● Work request
Find every line containing the string "suppT" in the data below, and report how many there are, with no other words.

● Available records

Lemma has_matching_bound m n (M : 'M[trop R]_(m, n)) k :
  has_matching M k -> (k <= m)%N /\ (k <= n)%N.
Proof.
by move=> [fr [fc [/leq_card fr_le /leq_card fc_le _]]]; rewrite !card_ord in fr_le fc_le.
Qed.

Lemma troprank_exists m n (M : 'M[trop R]_(m, n)) :
  exists k, [/\ (k <= m)%N, (k <= n)%N & is_troprank M k].
Proof.
have ex_matching : exists k, `[< has_matching M k >].
  by exists 0%N; apply/asboolP; exact: has_matching0.
have matching_le_m k : `[< has_matching M k >] -> (k <= m)%N.
  by move=> /asboolP /has_matching_bound[].
have [k /asboolP Mk maxk] := ex_maxnP ex_matching matching_le_m.
have [le_km le_kn] := has_matching_bound Mk.
exists k; split=> //; apply/is_troprank_matching; split=> // /asboolP /maxk.
by rewrite ltnn.
Qed.

Lemma troprank_unique m n (M : 'M[trop R]_(m, n)) k l :
  is_troprank M k -> is_troprank M l -> k = l.
Proof.
move=> /is_troprank_matching[Mk noMk1] /is_troprank_matching[Ml noMl1].
case: (ltngtP k l) => // [lt_kl|lt_lk].
- by case: noMk1; exact: has_matching_leq lt_kl Ml.
- by case: noMl1; exact: has_matching_leq lt_lk Mk.
Qed.

Definition troprank m n (M : 'M[trop R]_(m, n)) : nat :=
  projT1 (cid (troprank_exists M)).

Lemma troprankP m n (M : 'M[trop R]_(m, n)) :
  [/\ (troprank M <= m)%N, (troprank M <= n)%N & is_troprank M (troprank M)].
Proof. exact: projT2 (cid (troprank_exists M)). Qed.

Section SupportPermutation.
Variables (m n : nat) (M N : 'M[trop R]_(m, n)) (rho : 'S_m) (tau : 'S_n).
Hypothesis suppNM : forall a c, isSome (N a c) = isSome (M (rho a) (tau c)).

Lemma has_matching_perm k : has_matching M k <-> has_matching N k.
Proof.
split=> [[fr [fc [fr_inj fc_inj Mf]]]|[fr [fc [fr_inj fc_inj Nf]]]].
- exists ((rho^-1)%g \o fr), ((tau^-1)%g \o fc).
  split=> [||t]; [exact: inj_comp (@perm_inj _ _) fr_inj|
                  exact: inj_comp (@perm_inj _ _) fc_inj|].
  by rewrite /= suppNM !permKV.
- exists (rho \o fr), (tau \o fc).
  split=> [||t]; [exact: inj_comp (@perm_inj _ _) fr_inj|
                  exact: inj_comp (@perm_inj _ _) fc_inj|].
  by rewrite /= -suppNM.
Qed.

Lemma is_troprank_perm k : is_troprank M k -> is_troprank N k.
Proof.
move=> /is_troprank_matching[Mk noMk1]; apply/is_troprank_matching.
by rewrite -!has_matching_perm.
Qed.

End SupportPermutation.

Lemma Gsq_support_perm r (T : 'M[trop R]_r) :
  Gsq T -> exists s : 'S_r, forall i j, isSome (T i j) = (j == s i).
Proof.
move=> [rowG [colG [rowT _]]].
have /fin_all_exists[g Tg] : forall i, exists j, isSome (T i j).
  by move=> i; have [j /isSome_neqNone] := rowT i; exists j.
have g_inj : injective g.
  move=> i1 i2 eq_g; apply: (colG (g i1)); rewrite mxE; apply/isSome_neqNone.
    exact: Tg.
  by rewrite eq_g; exact: Tg.
exists (perm g_inj) => i j; rewrite permE.
apply/idP/eqP => [/isSome_neqNone Tij|->//].
by apply: (rowG i) Tij _; apply/isSome_neqNone.
Qed.

Lemma isSome_tmx_mulr p r (M : 'M[trop R]_(p, r)) (T : 'M[trop R]_r) (s : 'S_r) :
  (forall i j, isSome (T i j) = (j == s i)) ->
  forall a c, isSome (tmx_mul M T a c) = isSome (M a ((s^-1)%g c)).
Proof.
move=> suppT a c; rewrite mxE isSome_big_tadd.
apply/existsP/idP => [[j]|Mac]; last first.
  by exists ((s^-1)%g c); rewrite isSome_tmul Mac suppT permKV eqxx.
by rewrite isSome_tmul suppT => /andP[Maj /eqP->]; rewrite permK.
Qed.

Lemma isSome_tmx_mull r q (T : 'M[trop R]_r) (M : 'M[trop R]_(r, q)) (s : 'S_r) :
  (forall i j, isSome (T i j) = (j == s i)) ->
  forall a c, isSome (tmx_mul T M a c) = isSome (M (s a) c).
Proof.
move=> suppT a c; rewrite mxE isSome_big_tadd.
apply/existsP/idP => [[j]|Mac]; last first.
  by exists (s a); rewrite isSome_tmul Mac suppT eqxx.
by rewrite isSome_tmul suppT => /andP[/eqP<-].
Qed.

Lemma is_troprank_Gsq_conj e f (A A' : 'M[trop R]_(f, e)) (TE : 'M[trop R]_e)
    (TF : 'M[trop R]_f) k :
  Gsq TE -> Gsq TF -> tmx_mul A' TE = tmx_mul TF A ->
  is_troprank A k -> is_troprank A' k.
Proof.
move=> /Gsq_support_perm[sE suppE] /Gsq_support_perm[sF suppF] conj.
apply: (is_troprank_perm (rho := sF) (tau := sE)) => a c.
by rewrite -(isSome_tmx_mull _ suppF) -conj (isSome_tmx_mulr _ suppE) permK.
Qed.

End TropicalRank.

Definition locally_constant (T : topologicalType) (Y : Type) (g : T -> Y) :=
  forall p, exists W, [/\ open W, W p & forall x, W x -> g x = g p].

Section LocallyConstant.
Variables (T : topologicalType) (Y : Type) (g : T -> Y).
Hypothesis g_loc_const : locally_constant g.

Lemma open_preimage_locally_constant (P : set Y) : open (g @^-1` P).
Proof.
have -> : g @^-1` P = \bigcup_(W in [set W | open W /\ W `<=` g @^-1` P]) W.
  apply/seteqP; split=> [x Px|x [W [_ WP] Wx]]; last exact: WP.
  have [W [oW Wx gW]] := g_loc_const x.
  by exists W => //; split=> // z Wz; rewrite /preimage /= gW.
by apply: bigcup_open => W [].
Qed.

● Worked solution
6